(* Let $S\subset\mathbf R^4$ be a surface and $p\in S$ a flat inflection point. Then for every unit normal vector $\nu\in N_pS$, the image of $S$ near $p$ under the orthogonal projection of $\mathbf R^4$ onto the hyperplane $\nu^\perp\cong\mathbf R^3$ (a surface in $\mathbf R^3$ near the image of $p$) has zero Gaussian curvature at the image of $p$, i.e. the image of $p$ lies on the parabolic curve of that projected surface.
   Context: Use an adapted orthonormal frame $e_1,e_2$ (tangent), $e_3,e_4$ (normal) at $p$; the second fundamental form is $\mathbf{II}(u)=(au_1^2+2bu_1u_2+cu_2^2)e_3+(eu_1^2+2fu_1u_2+gu_2^2)e_4$ for $u=u_1e_1+u_2e_2$. The curvature ellipse at $p$ is $\{\mathbf{II}(u):|u|=1\}\subset N_pS$ with $p$ as origin. $p$ is an inflection point if the curvature ellipse is a (possibly degenerate) segment contained in a line through the origin; it is a flat inflection point if moreover the origin is an endpoint of this segment. Equivalently, flat inflection points are the points where $\Delta=0$ and $K=0$, with $K=(ac-b^2)+(eg-f^2)$ and $\Delta=(ac-b^2)(eg-f^2)-\tfrac14(ag+ce-2bf)^2$. *)

From Stdlib Require Import Reals List.
From Coquelicot Require Import Coquelicot.
Open Scope R_scope.

Definition PDx (h : R -> R -> R) : R -> R -> R :=
  fun x y => Derive (fun t => h t y) x.
Definition PDy (h : R -> R -> R) : R -> R -> R :=
  fun x y => Derive (fun t => h x t) y.

Fixpoint iterD (w : list bool) (h : R -> R -> R) : R -> R -> R :=
  match w with
  | nil => h
  | cons true w' => PDx (iterD w' h)
  | cons false w' => PDy (iterD w' h)
  end.

Definition smooth2 (h : R -> R -> R) : Prop :=
  forall (w : list bool) (x y : R),
    ex_derive (fun t => iterD w h t y) x /\ ex_derive (fun t => iterD w h x t) y.

(** Second fundamental form at p in an adapted frame, with coefficients
    a b c (e3-component) and e f g (e4-component); u = u1 e1 + u2 e2. *)
Definition II (a b c e f g : R) (u1 u2 : R) : R * R :=
  (a * u1 ^ 2 + 2 * b * u1 * u2 + c * u2 ^ 2,
   e * u1 ^ 2 + 2 * f * u1 * u2 + g * u2 ^ 2).

Definition on_curvature_ellipse (a b c e f g : R) (P : R * R) : Prop :=
  exists u1 u2, u1 ^ 2 + u2 ^ 2 = 1 /\ II a b c e f g u1 u2 = P.

Definition on_segment (A B P : R * R) : Prop :=
  exists s, 0 <= s <= 1 /\
    P = ((1 - s) * fst A + s * fst B, (1 - s) * snd A + s * snd B).

Definition collinear_origin (A B : R * R) : Prop :=
  fst A * snd B - snd A * fst B = 0.

Definition inflection_point (a b c e f g : R) : Prop :=
  exists A B, collinear_origin A B /\
    (forall P, on_curvature_ellipse a b c e f g P <-> on_segment A B P).

Definition flat_inflection_point (a b c e f g : R) : Prop :=
  exists A B, collinear_origin A B /\
    (forall P, on_curvature_ellipse a b c e f g P <-> on_segment A B P) /\
    (A = (0, 0) \/ B = (0, 0)).

(** The surface near p = 0, in Monge form w.r.t. the adapted frame
    e1, e2, e3, e4 (taken as the standard basis of R^4). *)
Definition monge_surface (f1 f2 : R -> R -> R) (x y : R) : R * R * R * R :=
  (x, y, f1 x y, f2 x y).

(** Orthogonal projection of R^4 onto nu^perp, nu = n3 e3 + n4 e4 a unit
    normal, written in the orthonormal basis (e1, e2, -n4 e3 + n3 e4) of
    nu^perp (identified with R^3). *)
Definition proj_nu (n3 n4 : R) (P : R * R * R * R) : R * R * R :=
  match P with
  | (x1, x2, x3, x4) => (x1, x2, - n4 * x3 + n3 * x4)
  end.

Definition gauss_curv_graph (h : R -> R -> R) (x y : R) : R :=
  (PDx (PDx h) x y * PDy (PDy h) x y - PDy (PDx h) x y ^ 2)
  / (1 + PDx h x y ^ 2 + PDy h x y ^ 2) ^ 2.

(* At a flat inflection point the second fundamental form takes all its values on a
   half-line {s V | s >= 0} of the normal plane and vanishes in some tangent direction.
   The height function of the projection along nu is h = -n4 f1 + n3 f2, whose Hessian
   at p is the component of II along the line -n4 e3 + n3 e4; it is therefore
   semidefinite (with the sign of that component of V) and vanishes on a unit vector.
   A semidefinite binary quadratic form with a nontrivial zero is degenerate, so
   det Hess h = 0 and the Gaussian curvature of the graph of h vanishes at p. *)

From Stdlib Require Import Reals List Lra Psatz FunctionalExtensionality.
From Coquelicot Require Import Coquelicot.
Open Scope R_scope.

Definition qform (a b c : R) (u1 u2 : R) : R := a * u1 ^ 2 + 2 * b * u1 * u2 + c * u2 ^ 2.

Lemma II_qform a b c e f g u1 u2 :
  II a b c e f g u1 u2 = (qform a b c u1 u2, qform e f g u1 u2).
Proof. reflexivity. Qed.

Lemma qform_scale a b c r u1 u2 :
  qform a b c (r * u1) (r * u2) = r ^ 2 * qform a b c u1 u2.
Proof. unfold qform; ring. Qed.

Lemma qform_opp a b c u1 u2 : qform (- a) (- b) (- c) u1 u2 = - qform a b c u1 u2.
Proof. unfold qform; ring. Qed.

Lemma qform_lincomb al be a b c e f g u1 u2 :
  qform (al * a + be * e) (al * b + be * f) (al * c + be * g) u1 u2
  = al * qform a b c u1 u2 + be * qform e f g u1 u2.
Proof. unfold qform; ring. Qed.

Lemma qform_ge0_of_unit a b c :
  (forall u1 u2, u1 ^ 2 + u2 ^ 2 = 1 -> 0 <= qform a b c u1 u2) ->
  forall x y, 0 <= qform a b c x y.
Proof.
  intros Hunit x y.
  destruct (Req_dec (x ^ 2 + y ^ 2) 0) as [Hxy | Hxy].
  - assert (x = 0) by nra; assert (y = 0) by nra; subst.
    unfold qform; lra.
  - set (r := sqrt (x ^ 2 + y ^ 2)).
    assert (Hr : 0 < r) by (apply sqrt_lt_R0; nra).
    assert (Hr2 : r * r = x ^ 2 + y ^ 2) by (apply sqrt_sqrt; nra).
    assert (Hscaled : 0 <= qform a b c (/ r * x) (/ r * y)).
    { apply Hunit. field_simplify; [rewrite <- Hr2; field|]; lra. }
    rewrite qform_scale in Hscaled.
    assert (0 < (/ r) ^ 2) by (apply pow_lt, Rinv_0_lt_compat, Hr).
    nra.
Qed.

Lemma linear_dominated_by_quadratic L q :
  (forall t, 0 <= 2 * t * L + q * t ^ 2) -> L = 0.
Proof.
  intros H.
  assert (Hq : 0 <= q) by (pose proof (H 1); pose proof (H (-1)); lra).
  set (t := - L / (q + 1)).
  assert (HL : L = - t * (q + 1)) by (unfold t; field; lra).
  pose proof (H t) as Ht; rewrite HL in Ht.
  assert (Ht0 : t = 0) by nra.
  rewrite HL, Ht0; ring.
Qed.

(* At a zero u0 of a nonnegative form the polar form vanishes on every vector,
   so u0 is in the kernel of [[a, b], [b, c]]. *)
Lemma qform_ge0_zero_det a b c x0 y0 :
  (forall x y, 0 <= qform a b c x y) ->
  x0 ^ 2 + y0 ^ 2 = 1 -> qform a b c x0 y0 = 0 ->
  a * c - b ^ 2 = 0.
Proof.
  intros Hpsd Hunit Hzero.
  assert (Hker1 : a * x0 + b * y0 = 0).
  { apply (linear_dominated_by_quadratic _ a); intro t.
    pose proof (Hpsd (x0 + t) y0); unfold qform in *; nra. }
  assert (Hker2 : b * x0 + c * y0 = 0).
  { apply (linear_dominated_by_quadratic _ c); intro t.
    pose proof (Hpsd x0 (y0 + t)); unfold qform in *; nra. }
  assert (Hcramer : (x0 ^ 2 + y0 ^ 2) * (a * c - b ^ 2)
    = x0 * (c * (a * x0 + b * y0) - b * (b * x0 + c * y0))
      + y0 * (a * (b * x0 + c * y0) - b * (a * x0 + b * y0))) by ring.
  rewrite Hunit, Hker1, Hker2 in Hcramer; lra.
Qed.

Lemma qform_semidefinite_zero_det a b c x0 y0 :
  (forall u1 u2, u1 ^ 2 + u2 ^ 2 = 1 -> 0 <= qform a b c u1 u2) \/
  (forall u1 u2, u1 ^ 2 + u2 ^ 2 = 1 -> qform a b c u1 u2 <= 0) ->
  x0 ^ 2 + y0 ^ 2 = 1 -> qform a b c x0 y0 = 0 ->
  a * c - b ^ 2 = 0.
Proof.
  intros [Hpos | Hneg] Hunit Hzero.
  - exact (qform_ge0_zero_det _ _ _ _ _ (qform_ge0_of_unit _ _ _ Hpos) Hunit Hzero).
  - assert (Hpos : forall x y, 0 <= qform (- a) (- b) (- c) x y).
    { apply qform_ge0_of_unit; intros u1 u2 Hu.
      rewrite qform_opp; pose proof (Hneg u1 u2 Hu); lra. }
    assert (Hzero' : qform (- a) (- b) (- c) x0 y0 = 0) by (rewrite qform_opp, Hzero; ring).
    pose proof (qform_ge0_zero_det _ _ _ _ _ Hpos Hunit Hzero'); nra.
Qed.

Lemma flat_inflection_ray a b c e f g :
  flat_inflection_point a b c e f g ->
  exists V : R * R,
    (forall u1 u2, u1 ^ 2 + u2 ^ 2 = 1 ->
       exists s, 0 <= s /\ II a b c e f g u1 u2 = (s * fst V, s * snd V)) /\
    on_curvature_ellipse a b c e f g (0, 0).
Proof.
  intros [A [B [_ [Hellipse Hend]]]].
  assert (Hseg : forall u1 u2, u1 ^ 2 + u2 ^ 2 = 1 ->
                   on_segment A B (II a b c e f g u1 u2))
    by (intros u1 u2 Hu; apply Hellipse; exists u1, u2; auto).
  destruct Hend as [-> | ->].
  - exists B; split.
    + intros u1 u2 Hu; destruct (Hseg u1 u2 Hu) as [s [Hs ->]].
      exists s; split; [lra|]; simpl; f_equal; ring.
    + apply Hellipse; exists 0; split; [lra|]; simpl; f_equal; ring.
  - exists A; split.
    + intros u1 u2 Hu; destruct (Hseg u1 u2 Hu) as [s [Hs ->]].
      exists (1 - s); split; [lra|]; simpl; f_equal; ring.
    + apply Hellipse; exists 1; split; [lra|]; simpl; f_equal; ring.
Qed.

Lemma flat_inflection_projection_degenerate a b c e f g al be :
  flat_inflection_point a b c e f g ->
  (al * a + be * e) * (al * c + be * g) - (al * b + be * f) ^ 2 = 0.
Proof.
  intros Hflat.
  destruct (flat_inflection_ray _ _ _ _ _ _ Hflat) as [V [Hray [x0 [y0 [Hu0 Hzero]]]]].
  rewrite II_qform in Hzero; injection Hzero as Hz1 Hz2.
  set (k := al * fst V + be * snd V).
  assert (Hproj : forall u1 u2, u1 ^ 2 + u2 ^ 2 = 1 -> exists s, 0 <= s /\
            qform (al * a + be * e) (al * b + be * f) (al * c + be * g) u1 u2 = s * k).
  { intros u1 u2 Hu; destruct (Hray u1 u2 Hu) as [s [Hs HII]].
    rewrite II_qform in HII; injection HII as H1 H2.
    exists s; split; [exact Hs|].
    rewrite qform_lincomb, H1, H2; unfold k; ring. }
  apply (qform_semidefinite_zero_det _ _ _ x0 y0); [| exact Hu0 |].
  - destruct (Rle_lt_dec 0 k) as [Hk | Hk]; [left | right];
      intros u1 u2 Hu; destruct (Hproj u1 u2 Hu) as [s [Hs ->]]; nra.
  - rewrite qform_lincomb, Hz1, Hz2; ring.
Qed.

Definition lincomb (al be : R) (F G : R -> R -> R) : R -> R -> R :=
  fun x y => al * F x y + be * G x y.

Lemma iterD_app w w' h : iterD (w ++ w') h = iterD w (iterD w' h).
Proof. induction w as [|[|] w IH]; simpl; rewrite ?IH; reflexivity. Qed.

Lemma smooth2_PDx h : smooth2 h -> smooth2 (PDx h).
Proof.
  intros Hh w x y.
  change (PDx h) with (iterD (true :: nil) h); rewrite <- iterD_app; apply Hh.
Qed.

Lemma smooth2_PDy h : smooth2 h -> smooth2 (PDy h).
Proof.
  intros Hh w x y.
  change (PDy h) with (iterD (false :: nil) h); rewrite <- iterD_app; apply Hh.
Qed.

Lemma PDx_lincomb al be F G :
  smooth2 F -> smooth2 G -> PDx (lincomb al be F G) = lincomb al be (PDx F) (PDx G).
Proof.
  intros HF HG; apply functional_extensionality; intro x;
    apply functional_extensionality; intro y.
  unfold PDx, lincomb.
  rewrite Derive_plus, !Derive_scal; [reflexivity | |]; apply ex_derive_scal;
    [exact (proj1 (HF nil x y)) | exact (proj1 (HG nil x y))].
Qed.

Lemma PDy_lincomb al be F G :
  smooth2 F -> smooth2 G -> PDy (lincomb al be F G) = lincomb al be (PDy F) (PDy G).
Proof.
  intros HF HG; apply functional_extensionality; intro x;
    apply functional_extensionality; intro y.
  unfold PDy, lincomb.
  rewrite Derive_plus, !Derive_scal; [reflexivity | |]; apply ex_derive_scal;
    [exact (proj2 (HF nil x y)) | exact (proj2 (HG nil x y))].
Qed.

Lemma gauss_curv_graph_eq0 h x y :
  PDx (PDx h) x y * PDy (PDy h) x y - PDy (PDx h) x y ^ 2 = 0 ->
  gauss_curv_graph h x y = 0.
Proof. intros Hdet; unfold gauss_curv_graph, Rdiv; rewrite Hdet; ring. Qed.

Theorem mainTheorem7 (f1 f2 : R -> R -> R) :
  smooth2 f1 -> smooth2 f2 ->
  (* p = origin lies on S and e1, e2 span T_pS (adapted frame) *)
  f1 0 0 = 0 -> f2 0 0 = 0 ->
  PDx f1 0 0 = 0 -> PDy f1 0 0 = 0 -> PDx f2 0 0 = 0 -> PDy f2 0 0 = 0 ->
  (* p is a flat inflection point, II read off from the Monge form *)
  flat_inflection_point
    (PDx (PDx f1) 0 0) (PDy (PDx f1) 0 0) (PDy (PDy f1) 0 0)
    (PDx (PDx f2) 0 0) (PDy (PDx f2) 0 0) (PDy (PDy f2) 0 0) ->
  forall n3 n4 : R, n3 ^ 2 + n4 ^ 2 = 1 ->
    (* the projected surface is the graph of the third coordinate *)
    gauss_curv_graph
      (fun x y => snd (proj_nu n3 n4 (monge_surface f1 f2 x y))) 0 0 = 0.
Proof.
  intros Hf1 Hf2 _ _ _ _ _ _ Hflat n3 n4 _.
  change (fun x y => snd (proj_nu n3 n4 (monge_surface f1 f2 x y)))
    with (lincomb (- n4) n3 f1 f2).
  apply gauss_curv_graph_eq0.
  rewrite (PDx_lincomb _ _ _ _ Hf1 Hf2), (PDy_lincomb _ _ _ _ Hf1 Hf2),
    (PDx_lincomb _ _ _ _ (smooth2_PDx _ Hf1) (smooth2_PDx _ Hf2)),
    (PDy_lincomb _ _ _ _ (smooth2_PDx _ Hf1) (smooth2_PDx _ Hf2)),
    (PDy_lincomb _ _ _ _ (smooth2_PDy _ Hf1) (smooth2_PDy _ Hf2)).
  exact (flat_inflection_projection_degenerate _ _ _ _ _ _ _ _ Hflat).
Qed.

——

Exercise: Write out exactly the final stretch of the records: the line containing "x y))) 0 0 = 0." and every line after it, through the last, and nothing else.

Answer section:
      (fun x y => snd (proj_nu n3 n4 (monge_surface f1 f2 x y))) 0 0 = 0.
Proof.
  intros Hf1 Hf2 _ _ _ _ _ _ Hflat n3 n4 _.
  change (fun x y => snd (proj_nu n3 n4 (monge_surface f1 f2 x y)))
    with (lincomb (- n4) n3 f1 f2).
  apply gauss_curv_graph_eq0.
  rewrite (PDx_lincomb _ _ _ _ Hf1 Hf2), (PDy_lincomb _ _ _ _ Hf1 Hf2),
    (PDx_lincomb _ _ _ _ (smooth2_PDx _ Hf1) (smooth2_PDx _ Hf2)),
    (PDy_lincomb _ _ _ _ (smooth2_PDx _ Hf1) (smooth2_PDx _ Hf2)),
    (PDy_lincomb _ _ _ _ (smooth2_PDy _ Hf1) (smooth2_PDy _ Hf2)).
  exact (flat_inflection_projection_degenerate _ _ _ _ _ _ _ _ Hflat).
Qed.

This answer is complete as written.